Half Sun bettas are extremely rare and often mistaken for Half Moon betta fish. This is because they also feature a 180-degree caudal fin.The main difference is that the edges of the caudal fin are slightly rayed or wavy.

Half Sun bettas are unique and also expensive. You won’t find them often in pet stores. 

Over-Half Moon 

Over-Half Moon Bettas are a variation of the Half Moon variety. These beauties take things a step further, as their caudal fins are OVER 180 degrees. 

You won’t find these varieties around very often, though they are quite impressive.

Plakat

The Plakat betta is common and closely related to their wild counterparts. Plakat bettas come in different variations, including Halfmoon and double Halfmoon.

They have a smaller caudal fin compared to many bred bettas and short rounded dorsal fins. 

Rosetail 

This unique fish is uncommon and it has a fantastic caudal fin that resembles a rose, hence the name. Their caudal fin expands more than 180 degrees. 

Rosetails are spectacular in appearance, but their long intrusive tails cause them to nip at their caudal fins as they get older. 

Round Tail Betta

Round Tail bettas are less common and appear just as their name suggests. 

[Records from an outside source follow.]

(* For every integer $n\ge 1$, $$\sum_{\pi\in \mathcal I^C_{2n}(321)}q^{\mathrm{des}(\pi)}=(1+q)^n.$$
   Context: A permutation $\pi\in\mathcal S_m$ is centrosymmetric if $\pi(i)+\pi(m+1-i)=m+1$ for all $i$. $\mathcal I^C_m(321)$ is the set of centrosymmetric involutions in $\mathcal S_m$ avoiding the pattern $321$. $\mathrm{des}(\pi)$ is the number of positions $i\in\{1,\dots,m-1\}$ with $\pi(i)>\pi(i+1)$. *)

(* Permutations of [m] = {1..m} are modelled as {perm 'I_m}
   (0-indexed values 0..m-1); all notions below are the 0-indexed translations. *)
From HB Require Import structures.
From mathcomp Require Import all_boot all_order all_algebra all_fingroup.
Set Implicit Arguments. Unset Strict Implicit. Unset Printing Implicit Defensive.
Import GRing.Theory.

(* centrosymmetric: pi(i) + pi(m+1-i) = m+1 (1-indexed), i.e. pi(i) + pi(m-1-i) = m-1 *)
Definition centrosymmetric m (s : {perm 'I_m}) : bool :=
  [forall i : 'I_m, (s i : nat) + s (rev_ord i) == m.-1].

Definition involution m (s : {perm 'I_m}) : bool := (s * s == 1)%g.

Definition avoids321 m (s : {perm 'I_m}) : bool :=
  [forall i : 'I_m, forall j : 'I_m, forall k : 'I_m,
     ~~ [&& i < j, j < k, s j < s i & s k < s j]].

Definition IC321 m : {set {perm 'I_m}} :=
  [set s | [&& centrosymmetric s, involution s & avoids321 s]].

Definition des m (s : {perm 'I_m}) : nat :=
  #|[set i : 'I_m | [exists j : 'I_m, (j == i.+1 :> nat) && (s j < s i)]]|.

From HB Require Import structures.
From mathcomp Require Import all_boot all_order all_algebra all_fingroup.
From mathcomp Require Import zify.
Import GRing.Theory.
Set Implicit Arguments. Unset Strict Implicit. Unset Printing Implicit Defensive.

(* A 321-avoiding involution is determined by its openers (i < s i) and
   closers (s i < i): 321-avoidance forces the k-th opener to be matched with
   the k-th closer, and the closers are exactly the non-openers at which the
   Dyck path of the opener word is positive. Conversely, any opener/closer
   pair of words satisfying these height conditions is realised by matching
   the k-th opener with the k-th closer. Centrosymmetry exchanges openers and
   closers under i |-> 2n-1-i, so an element of I^C_2n(321) is the same thing
   as an arbitrary opener word u of length n on the first half. Its descents
   are its peaks (an opener followed by a closer): two for each factor 10 of
   u plus one if u ends with 1, i.e. the number of letter changes in 0u. The
   change transform is a bijection of {0,1}^n, hence the sum is (1+q)^n. *)

Section CountLt.
Variable P : nat -> bool.

Definition count_lt i := count P (iota 0 i).

Lemma count_lt0 : count_lt 0 = 0. Proof. by []. Qed.

Lemma count_ltS i : count_lt i.+1 = count_lt i + P i.
Proof. by rewrite /count_lt -addn1 iotaD count_cat /= addn0. Qed.

Lemma count_ltD a b :
  count_lt (a + b) = count_lt a + count (fun k => P (a + k)) (iota 0 b).
Proof.
rewrite /count_lt iotaD count_cat add0n; congr (_ + _).
by rewrite -[in LHS](addn0 a) iotaDl count_map.
Qed.

Lemma leq_count_lt a b : a <= b -> count_lt a <= count_lt b.
Proof. by move/subnK <-; rewrite addnC count_ltD leq_addr. Qed.

Lemma ltn_count_lt a b : P a -> a < b -> count_lt a < count_lt b.
Proof. by move=> Pa /leq_count_lt; apply: leq_trans; rewrite count_ltS Pa addn1. Qed.

Lemma count_lt_ltn a b : count_lt a < count_lt b -> a < b.
Proof. by apply: contraTT; rewrite -!leqNgt; apply: leq_count_lt. Qed.

Lemma count_lt_inj a b : P a -> P b -> count_lt a = count_lt b -> a = b.
Proof.
move=> Pa Pb e; case: (ltngtP a b) => // h.
- by have := ltn_count_lt Pa h; rewrite e ltnn.
- by have := ltn_count_lt Pb h; rewrite e ltnn.
Qed.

They have a rounded caudal fin shape that is more similar to a circle than the halfmoon betta, which is more frayed and flamboyant. 

Spadetail Betta

Spadetail bettas are extremely rare and will sell for a pretty penny. Their name is indicative of their caudal fin that resembles a Spade. 

Their unique tail shape makes them quite coveted in fishkeeping communities. 

Super Delta (SD)

Super Delta bettas are rare and uncommon in pet stores. 

Super Deltas are similar to their Delta counterparts with a narrow body and upper and lower fins similar to that of a Veiltail Betta. However, the difference between a Delta and Super Delta is that the caudal fin expands further than that of a Delta. Although still not as expansive as a Halfmoon Betta.

Veiltail 

Veiltail bettas are incredibly common and often very cheap! Their fins are long and come to a point at the ends. These fins often droop and come in a spectacular array of colors. 

This variation is the most common in the fishkeeping world, which has lead to the decrease of demand and their lesser expense. 

Multicolored Bettas

Final Word

There are tons of Bettas to choose from, with limitless variations possible. Common, uncommon, rare; don’t worry too much about these words when choosing your fish.

Pick the one that stands out to you and then give it the happy home that it deserves!